Summary
The episode “Past = Present x Future Over Yesterday,” so far is the best episode of the season.
This Barry Season 2 Episode 3 recap for the episode titled “Past = Present x Future Over Yesterday” contains spoilers. You can check out our thoughts on the previous episode by clicking these words.
Last week on Barry, his attempt to whack Esther, the head of the Burmese crime family, didn’t go as planned when he had flashed back to Afghanistan and how Sally called him a good man. He then loses his edge in the process; as he goes to leave, his cool concentration has evaporated, causing him to walk into a room of armed bad guys pretending to be monks, and they chase him down the street as they shoot up his car full of bullets, crashing his car, and managing to getaway. When he gets back to his apartment, Fuches is waiting, fresh from Ohio, where he was interrogated, who flipped him and is sitting in a van, listening in. Tonight’s episode, titled “Past = Present x Future Over Yesterday,” finds most of the characters sorting out their past mistakes while dealing with a current one.

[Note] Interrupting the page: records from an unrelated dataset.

Lemma count_lt_in (T : eqType) (a1 a2 : pred T) (s : seq T) :
  {in s, subpred a1 a2} -> has (predI a2 (predC a1)) s -> (count a1 s < count a2 s)%N.
Proof.
move=> sub12; rewrite has_count => pos.
have disj : count (predI a1 (predI a2 (predC a1))) s = 0.
  by rewrite (eq_count (a2 := pred0)) ?count_pred0 // => x /=; case: (a1 x); rewrite ?andbF.
have union : count (predU a1 (predI a2 (predC a1))) s = count a2 s.
  by apply: eq_in_count => x /sub12 /=; case: (a1 x) => [->|_] //=; rewrite andbT.
have := count_predUI a1 (predI a2 (predC a1)) s.
by rewrite disj union addn0 => ->; rewrite -[X in (X < _)%N]addn0 ltn_add2l.
Qed.

Section MaximalLayers.
Variables (R : realFieldType) (N : nat).
Implicit Types (X : seq 'rV[R]_N) (a : 'rV[R]_N).

Lemma maxel_dominates X a : {in X, forall x, zero_sum x} -> zero_sum a ->
  has (fun y => succ y a) X -> exists2 m, m \in maxel X & succ m a.
Proof.
move=> zX za; have [c ltac] := ubnP (count (fun y => succ y a) X).
elim: c a za ltac => // c IHc a za ltac /hasP[z Xz s_za].
have zz := zX z Xz.
have [maxz|] := boolP (z \in maxel X); first by exists z.
rewrite mem_filter Xz andbT negbK => /IHc[||m maxm s_mz] //.
  rewrite -ltnS; apply: leq_trans ltac; apply: count_lt_in.
    by move=> x Xx s_xz; apply: succ_trans (zX x Xx) zz za s_xz s_za.
  by apply/hasP; exists z; rewrite //= s_za succ_irr.
exists m => //; have zm : zero_sum m by apply: zX; move: maxm; rewrite mem_filter => /andP[].
exact: succ_trans zm zz za s_mz s_za.
Qed.

Lemma mem_remk (S' : seq 'rV[R]_N) k x : x \in remk S' k -> x \in S'.
Proof. by elim: k => // k IHk; rewrite [remk _ _]/= mem_filter => /andP[_ /IHk]. Qed.

Lemma mem_Saux (S' : seq 'rV[R]_N) k x : x \in Saux S' k -> x \in S'.
Proof. by rewrite mem_filter => /andP[_ /mem_remk]. Qed.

The episode opens with an inspired dream sequence, with Hank falling asleep while reading That Used to Be Us. He then has an intellectual wet-dream of sorts, appearing on a political commentary show titled Smart People, telling three-time Pulitzer prize winner Thomas Friedman to “shut the fuck-up” because Asia will be done with after he puts a bullet in her watermelon-sized head. Of course, Cristobal lets him know that his “massive fumble turnover for Hank” didn’t go as planned.
Barry and Sally struggle to write their “truth” pieces, both not wanting to confront their past (but played out in different ways). They are hesitant to embrace their darkly personal memories as entertainment for everyone to see. Sally tells Barry that she is finding this therapeutic, even though she is dealing with delusions of Granger, remembering her big truth about leaving her abusive boyfriend with a grand line while going out the door as, “You want to choke me? Well choke on this, I’m leaving you!” even though her friend Kate, however, remembers things differently.
Meanwhile, Gene, who told his son last week he left when he was a child because you always “leave them wanting more, not less,” follows up with his estranged son Leo for a second try at reconnecting by coming up with a plan to sell his vacation home together. Unfortunately, he rejects the offer, telling him, “Dad, I don’t want the cabin where your girlfriend was murdered. That’s sick!”
I’m not sure if I appreciated Anthony Carrigan’s effective comic turn as Hank in season one, but he has consistently delivered the funny this time around. His comic timing while delivering positive antidotes and affirmations about performing or during abominable acts perfectly complement Alec Berg and Bill Hader’s commitments in making all the death scenes in Barry sobering (the creators are on record as refusing to play out any death scenes as comic relief). This is what separates HBO’s show from other dark comedies, where most resort to killing someone funnily for the sake of being edgy; the show deals with death intensely. If you remember season one, when Barry shoots his friend in the car, it was played out with a shocking effect that gives it a dramatic weight.
Barry trying to come to terms with his “inherent darkness.” Even though acting was a life raft for him in season one, it has become therapy that forces him to look at his past in a new light because he feels he is now a different person. Bill Hader continues to show’s signs of being a gifted actor, acting as a straight man for most of the episode’s other characters, giving the audience a bit of his comic persona while also portraying great stress or intensity with a single glance. “Past = Present x Future Over Yesterday,” so far, is the best episode of the season.
Many questions are going into the next week’s episode, including how Gene’s relationship develops with his estranged son? Will Barry be able to turn Hank’s army from “pumpkins into Cinderella’s” after he tells the guys that his best friend (yup) is the “Air-Jordan of assassins?” Speaking of Hank, will his “bromance” with Cristobal continue to develop, or will it be headed for a divorce? Have we started to see the cracks in Sally’s self-involved persona as a front for being a victim of her abusive past? How will Barry turning back to Fuches affect Detective Loach’s investigation? Is Hank and Akhmal’s celebration the new Arrested Development “chicken dance” of our time?
However, the big question must be: after Sally chooses Barry to act as her abusive-ex Sam, she very literally pushes him into playing out the piece where he chokes her. When Barry walks out of the class, Sally follows him, and Sam is outside waiting for her; we are left to wonder if this is the turning point in whether he will get his mojo back. We can only hope because if Barry finds his nerve after Sally reunites with Sam, it should feel good for everyone watching at home.